DIRECTIONS
For the listing below, report all lines that hold the word "invH".

INFORMATION SHOWN
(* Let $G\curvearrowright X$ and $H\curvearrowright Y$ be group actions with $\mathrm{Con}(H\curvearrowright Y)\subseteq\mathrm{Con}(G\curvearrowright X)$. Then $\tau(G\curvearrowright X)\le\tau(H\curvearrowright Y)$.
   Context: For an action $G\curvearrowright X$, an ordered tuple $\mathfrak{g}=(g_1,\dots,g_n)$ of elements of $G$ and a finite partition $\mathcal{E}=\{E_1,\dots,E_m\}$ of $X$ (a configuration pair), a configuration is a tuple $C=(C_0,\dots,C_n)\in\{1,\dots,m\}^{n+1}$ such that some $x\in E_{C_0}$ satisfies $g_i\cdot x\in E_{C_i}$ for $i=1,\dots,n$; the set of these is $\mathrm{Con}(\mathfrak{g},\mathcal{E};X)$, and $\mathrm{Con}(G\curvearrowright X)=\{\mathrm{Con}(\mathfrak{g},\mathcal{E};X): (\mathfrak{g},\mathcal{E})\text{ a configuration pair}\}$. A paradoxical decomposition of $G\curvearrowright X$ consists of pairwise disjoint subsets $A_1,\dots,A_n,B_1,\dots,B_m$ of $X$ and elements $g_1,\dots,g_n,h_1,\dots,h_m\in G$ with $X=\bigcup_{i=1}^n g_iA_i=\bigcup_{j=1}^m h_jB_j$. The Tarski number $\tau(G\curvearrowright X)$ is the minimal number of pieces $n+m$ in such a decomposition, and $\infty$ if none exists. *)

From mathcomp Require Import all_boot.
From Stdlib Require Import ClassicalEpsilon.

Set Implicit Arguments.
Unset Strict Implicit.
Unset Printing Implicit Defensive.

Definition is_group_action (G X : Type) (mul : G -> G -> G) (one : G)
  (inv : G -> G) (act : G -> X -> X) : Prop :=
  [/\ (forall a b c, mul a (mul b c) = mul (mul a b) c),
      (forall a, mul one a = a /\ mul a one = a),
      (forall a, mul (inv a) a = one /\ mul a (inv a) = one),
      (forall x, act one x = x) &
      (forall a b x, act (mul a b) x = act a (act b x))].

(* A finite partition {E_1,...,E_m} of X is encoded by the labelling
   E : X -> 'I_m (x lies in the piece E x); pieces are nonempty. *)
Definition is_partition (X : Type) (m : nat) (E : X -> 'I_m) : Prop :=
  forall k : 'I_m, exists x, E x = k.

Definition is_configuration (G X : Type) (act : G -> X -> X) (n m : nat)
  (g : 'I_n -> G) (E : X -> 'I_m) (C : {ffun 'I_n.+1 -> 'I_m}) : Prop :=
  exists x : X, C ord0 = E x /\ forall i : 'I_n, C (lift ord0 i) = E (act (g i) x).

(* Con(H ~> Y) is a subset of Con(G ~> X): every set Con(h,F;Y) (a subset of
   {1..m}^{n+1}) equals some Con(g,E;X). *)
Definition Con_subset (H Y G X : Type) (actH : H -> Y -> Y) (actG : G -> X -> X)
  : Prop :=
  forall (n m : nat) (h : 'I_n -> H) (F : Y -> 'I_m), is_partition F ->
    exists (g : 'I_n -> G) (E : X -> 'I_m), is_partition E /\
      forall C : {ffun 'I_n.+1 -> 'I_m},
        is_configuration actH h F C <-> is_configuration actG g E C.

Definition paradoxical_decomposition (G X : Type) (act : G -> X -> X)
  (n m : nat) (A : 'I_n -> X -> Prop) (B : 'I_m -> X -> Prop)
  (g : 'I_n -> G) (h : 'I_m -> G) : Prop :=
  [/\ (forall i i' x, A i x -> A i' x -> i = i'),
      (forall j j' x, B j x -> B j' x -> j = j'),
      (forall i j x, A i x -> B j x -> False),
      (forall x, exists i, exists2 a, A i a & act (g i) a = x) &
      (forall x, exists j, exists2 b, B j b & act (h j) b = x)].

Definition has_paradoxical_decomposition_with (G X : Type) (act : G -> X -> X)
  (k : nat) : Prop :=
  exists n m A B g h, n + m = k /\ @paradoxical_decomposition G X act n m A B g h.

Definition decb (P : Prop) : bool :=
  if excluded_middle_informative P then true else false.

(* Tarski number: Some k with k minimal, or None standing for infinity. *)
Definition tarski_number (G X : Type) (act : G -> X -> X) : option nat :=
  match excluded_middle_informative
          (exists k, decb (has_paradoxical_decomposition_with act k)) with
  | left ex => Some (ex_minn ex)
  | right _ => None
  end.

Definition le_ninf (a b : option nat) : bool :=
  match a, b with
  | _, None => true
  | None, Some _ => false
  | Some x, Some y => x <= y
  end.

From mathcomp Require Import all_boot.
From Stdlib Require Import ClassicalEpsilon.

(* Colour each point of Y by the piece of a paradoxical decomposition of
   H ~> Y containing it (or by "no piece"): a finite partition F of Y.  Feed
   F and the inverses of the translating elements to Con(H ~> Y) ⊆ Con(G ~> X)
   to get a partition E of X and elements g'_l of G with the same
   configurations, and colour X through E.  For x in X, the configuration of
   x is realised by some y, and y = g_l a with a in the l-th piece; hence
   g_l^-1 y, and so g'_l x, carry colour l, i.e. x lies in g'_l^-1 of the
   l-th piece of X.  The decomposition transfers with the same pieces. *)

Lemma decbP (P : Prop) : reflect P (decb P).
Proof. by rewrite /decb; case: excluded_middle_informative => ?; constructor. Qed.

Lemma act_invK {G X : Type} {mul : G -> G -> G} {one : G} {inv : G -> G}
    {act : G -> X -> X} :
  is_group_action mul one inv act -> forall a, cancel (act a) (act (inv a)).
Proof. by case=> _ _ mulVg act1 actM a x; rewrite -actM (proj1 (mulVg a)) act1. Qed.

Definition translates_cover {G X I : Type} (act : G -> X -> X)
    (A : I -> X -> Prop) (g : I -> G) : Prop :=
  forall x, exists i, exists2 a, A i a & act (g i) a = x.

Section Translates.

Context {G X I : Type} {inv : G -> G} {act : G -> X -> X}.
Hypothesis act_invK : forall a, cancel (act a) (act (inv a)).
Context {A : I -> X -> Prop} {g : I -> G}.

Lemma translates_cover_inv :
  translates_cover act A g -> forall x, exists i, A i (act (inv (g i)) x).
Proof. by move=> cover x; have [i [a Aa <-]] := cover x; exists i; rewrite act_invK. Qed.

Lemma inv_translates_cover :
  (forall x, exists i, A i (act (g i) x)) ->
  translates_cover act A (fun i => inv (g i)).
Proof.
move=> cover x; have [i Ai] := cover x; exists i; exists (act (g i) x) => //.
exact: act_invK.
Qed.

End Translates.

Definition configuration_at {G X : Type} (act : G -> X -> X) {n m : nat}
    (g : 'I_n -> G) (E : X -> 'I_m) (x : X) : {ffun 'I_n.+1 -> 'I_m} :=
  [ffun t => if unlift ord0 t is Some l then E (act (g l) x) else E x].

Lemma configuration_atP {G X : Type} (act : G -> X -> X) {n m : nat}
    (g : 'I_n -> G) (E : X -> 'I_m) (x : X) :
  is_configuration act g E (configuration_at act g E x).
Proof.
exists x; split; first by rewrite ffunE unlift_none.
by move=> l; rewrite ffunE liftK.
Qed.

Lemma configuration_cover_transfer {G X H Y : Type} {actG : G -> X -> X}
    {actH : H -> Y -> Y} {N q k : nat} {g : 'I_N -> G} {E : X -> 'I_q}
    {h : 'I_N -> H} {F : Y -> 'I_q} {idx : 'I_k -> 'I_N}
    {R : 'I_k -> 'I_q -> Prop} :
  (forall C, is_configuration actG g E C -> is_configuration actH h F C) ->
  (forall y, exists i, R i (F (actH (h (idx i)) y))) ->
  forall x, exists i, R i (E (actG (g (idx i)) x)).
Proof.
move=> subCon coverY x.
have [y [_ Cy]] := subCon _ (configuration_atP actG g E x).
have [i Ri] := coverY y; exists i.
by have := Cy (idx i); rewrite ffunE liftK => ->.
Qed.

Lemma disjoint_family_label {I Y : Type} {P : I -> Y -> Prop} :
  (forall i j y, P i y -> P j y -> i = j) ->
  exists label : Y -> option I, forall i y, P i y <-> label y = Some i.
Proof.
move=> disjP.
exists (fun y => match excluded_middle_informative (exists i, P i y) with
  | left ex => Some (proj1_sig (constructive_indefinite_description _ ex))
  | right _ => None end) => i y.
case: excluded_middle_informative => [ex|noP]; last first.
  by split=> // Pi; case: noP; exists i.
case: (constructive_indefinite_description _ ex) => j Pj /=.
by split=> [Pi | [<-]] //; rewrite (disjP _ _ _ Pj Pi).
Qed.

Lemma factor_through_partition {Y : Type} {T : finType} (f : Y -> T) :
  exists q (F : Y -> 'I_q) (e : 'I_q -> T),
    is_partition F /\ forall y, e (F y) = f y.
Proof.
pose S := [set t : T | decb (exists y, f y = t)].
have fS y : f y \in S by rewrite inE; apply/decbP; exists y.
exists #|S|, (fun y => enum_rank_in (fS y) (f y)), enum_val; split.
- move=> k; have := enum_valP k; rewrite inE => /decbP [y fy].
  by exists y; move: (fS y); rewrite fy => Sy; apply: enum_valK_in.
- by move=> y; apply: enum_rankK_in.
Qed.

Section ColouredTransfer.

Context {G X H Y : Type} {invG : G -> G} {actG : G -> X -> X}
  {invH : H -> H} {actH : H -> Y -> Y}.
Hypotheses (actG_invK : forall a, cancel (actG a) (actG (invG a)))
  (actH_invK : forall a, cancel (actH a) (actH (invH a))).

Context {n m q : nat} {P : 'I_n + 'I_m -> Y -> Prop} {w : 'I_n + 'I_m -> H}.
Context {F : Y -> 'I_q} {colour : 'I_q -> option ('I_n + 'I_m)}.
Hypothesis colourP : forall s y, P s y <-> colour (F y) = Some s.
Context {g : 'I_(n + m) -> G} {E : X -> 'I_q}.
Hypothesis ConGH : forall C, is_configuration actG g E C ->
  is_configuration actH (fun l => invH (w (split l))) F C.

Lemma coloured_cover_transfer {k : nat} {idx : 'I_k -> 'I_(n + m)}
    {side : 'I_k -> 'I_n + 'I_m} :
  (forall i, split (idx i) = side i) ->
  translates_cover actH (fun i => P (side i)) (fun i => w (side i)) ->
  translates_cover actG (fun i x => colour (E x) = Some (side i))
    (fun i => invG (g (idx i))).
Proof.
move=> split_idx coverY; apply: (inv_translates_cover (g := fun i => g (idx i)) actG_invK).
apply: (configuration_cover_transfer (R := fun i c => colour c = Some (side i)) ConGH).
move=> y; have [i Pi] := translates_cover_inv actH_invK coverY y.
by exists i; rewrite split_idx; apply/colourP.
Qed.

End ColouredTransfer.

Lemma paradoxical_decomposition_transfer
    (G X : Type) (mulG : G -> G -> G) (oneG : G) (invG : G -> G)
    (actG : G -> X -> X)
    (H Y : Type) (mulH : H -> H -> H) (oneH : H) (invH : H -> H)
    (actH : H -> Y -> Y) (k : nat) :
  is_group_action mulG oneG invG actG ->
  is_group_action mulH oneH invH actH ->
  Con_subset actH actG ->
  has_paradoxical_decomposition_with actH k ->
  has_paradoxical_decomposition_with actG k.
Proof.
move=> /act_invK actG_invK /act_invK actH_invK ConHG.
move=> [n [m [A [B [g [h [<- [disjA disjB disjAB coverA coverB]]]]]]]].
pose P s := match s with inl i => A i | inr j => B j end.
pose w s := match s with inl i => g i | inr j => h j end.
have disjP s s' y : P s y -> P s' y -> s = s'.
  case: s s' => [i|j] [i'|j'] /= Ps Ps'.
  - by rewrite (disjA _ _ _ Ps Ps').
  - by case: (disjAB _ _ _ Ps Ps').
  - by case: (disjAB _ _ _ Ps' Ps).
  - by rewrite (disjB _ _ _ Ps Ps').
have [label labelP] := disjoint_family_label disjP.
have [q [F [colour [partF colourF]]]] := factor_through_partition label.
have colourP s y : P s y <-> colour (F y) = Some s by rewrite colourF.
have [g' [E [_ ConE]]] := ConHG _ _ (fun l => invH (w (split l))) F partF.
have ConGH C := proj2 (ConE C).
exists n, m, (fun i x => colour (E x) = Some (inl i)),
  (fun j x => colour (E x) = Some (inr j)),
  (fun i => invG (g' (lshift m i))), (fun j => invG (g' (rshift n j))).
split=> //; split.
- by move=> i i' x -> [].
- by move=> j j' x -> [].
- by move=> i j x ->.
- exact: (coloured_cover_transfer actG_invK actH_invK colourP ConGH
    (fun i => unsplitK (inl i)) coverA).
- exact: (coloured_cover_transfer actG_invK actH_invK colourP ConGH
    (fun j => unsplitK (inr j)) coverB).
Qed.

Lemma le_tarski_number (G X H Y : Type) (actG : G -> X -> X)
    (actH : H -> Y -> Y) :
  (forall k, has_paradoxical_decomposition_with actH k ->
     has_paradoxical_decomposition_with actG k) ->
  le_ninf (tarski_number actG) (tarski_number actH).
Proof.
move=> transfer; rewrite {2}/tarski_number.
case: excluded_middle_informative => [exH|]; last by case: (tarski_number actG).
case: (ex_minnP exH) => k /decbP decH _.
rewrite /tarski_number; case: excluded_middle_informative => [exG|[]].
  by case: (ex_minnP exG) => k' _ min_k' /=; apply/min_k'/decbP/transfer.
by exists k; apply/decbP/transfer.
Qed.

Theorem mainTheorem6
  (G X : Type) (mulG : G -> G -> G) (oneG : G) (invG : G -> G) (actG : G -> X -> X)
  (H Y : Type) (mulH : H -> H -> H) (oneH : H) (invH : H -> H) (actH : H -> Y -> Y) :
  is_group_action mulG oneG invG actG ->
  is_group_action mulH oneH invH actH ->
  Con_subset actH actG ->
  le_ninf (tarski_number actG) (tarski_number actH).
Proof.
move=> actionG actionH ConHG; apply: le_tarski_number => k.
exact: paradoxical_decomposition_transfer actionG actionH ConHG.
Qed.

EXPECTED ANSWER
  {invH : H -> H} {actH : H -> Y -> Y}.
  (actH_invK : forall a, cancel (actH a) (actH (invH a))).
  is_configuration actH (fun l => invH (w (split l))) F C.
    (H Y : Type) (mulH : H -> H -> H) (oneH : H) (invH : H -> H)
  is_group_action mulH oneH invH actH ->
have [g' [E [_ ConE]]] := ConHG _ _ (fun l => invH (w (split l))) F partF.
  (H Y : Type) (mulH : H -> H -> H) (oneH : H) (invH : H -> H) (actH : H -> Y -> Y) :
  is_group_action mulH oneH invH actH ->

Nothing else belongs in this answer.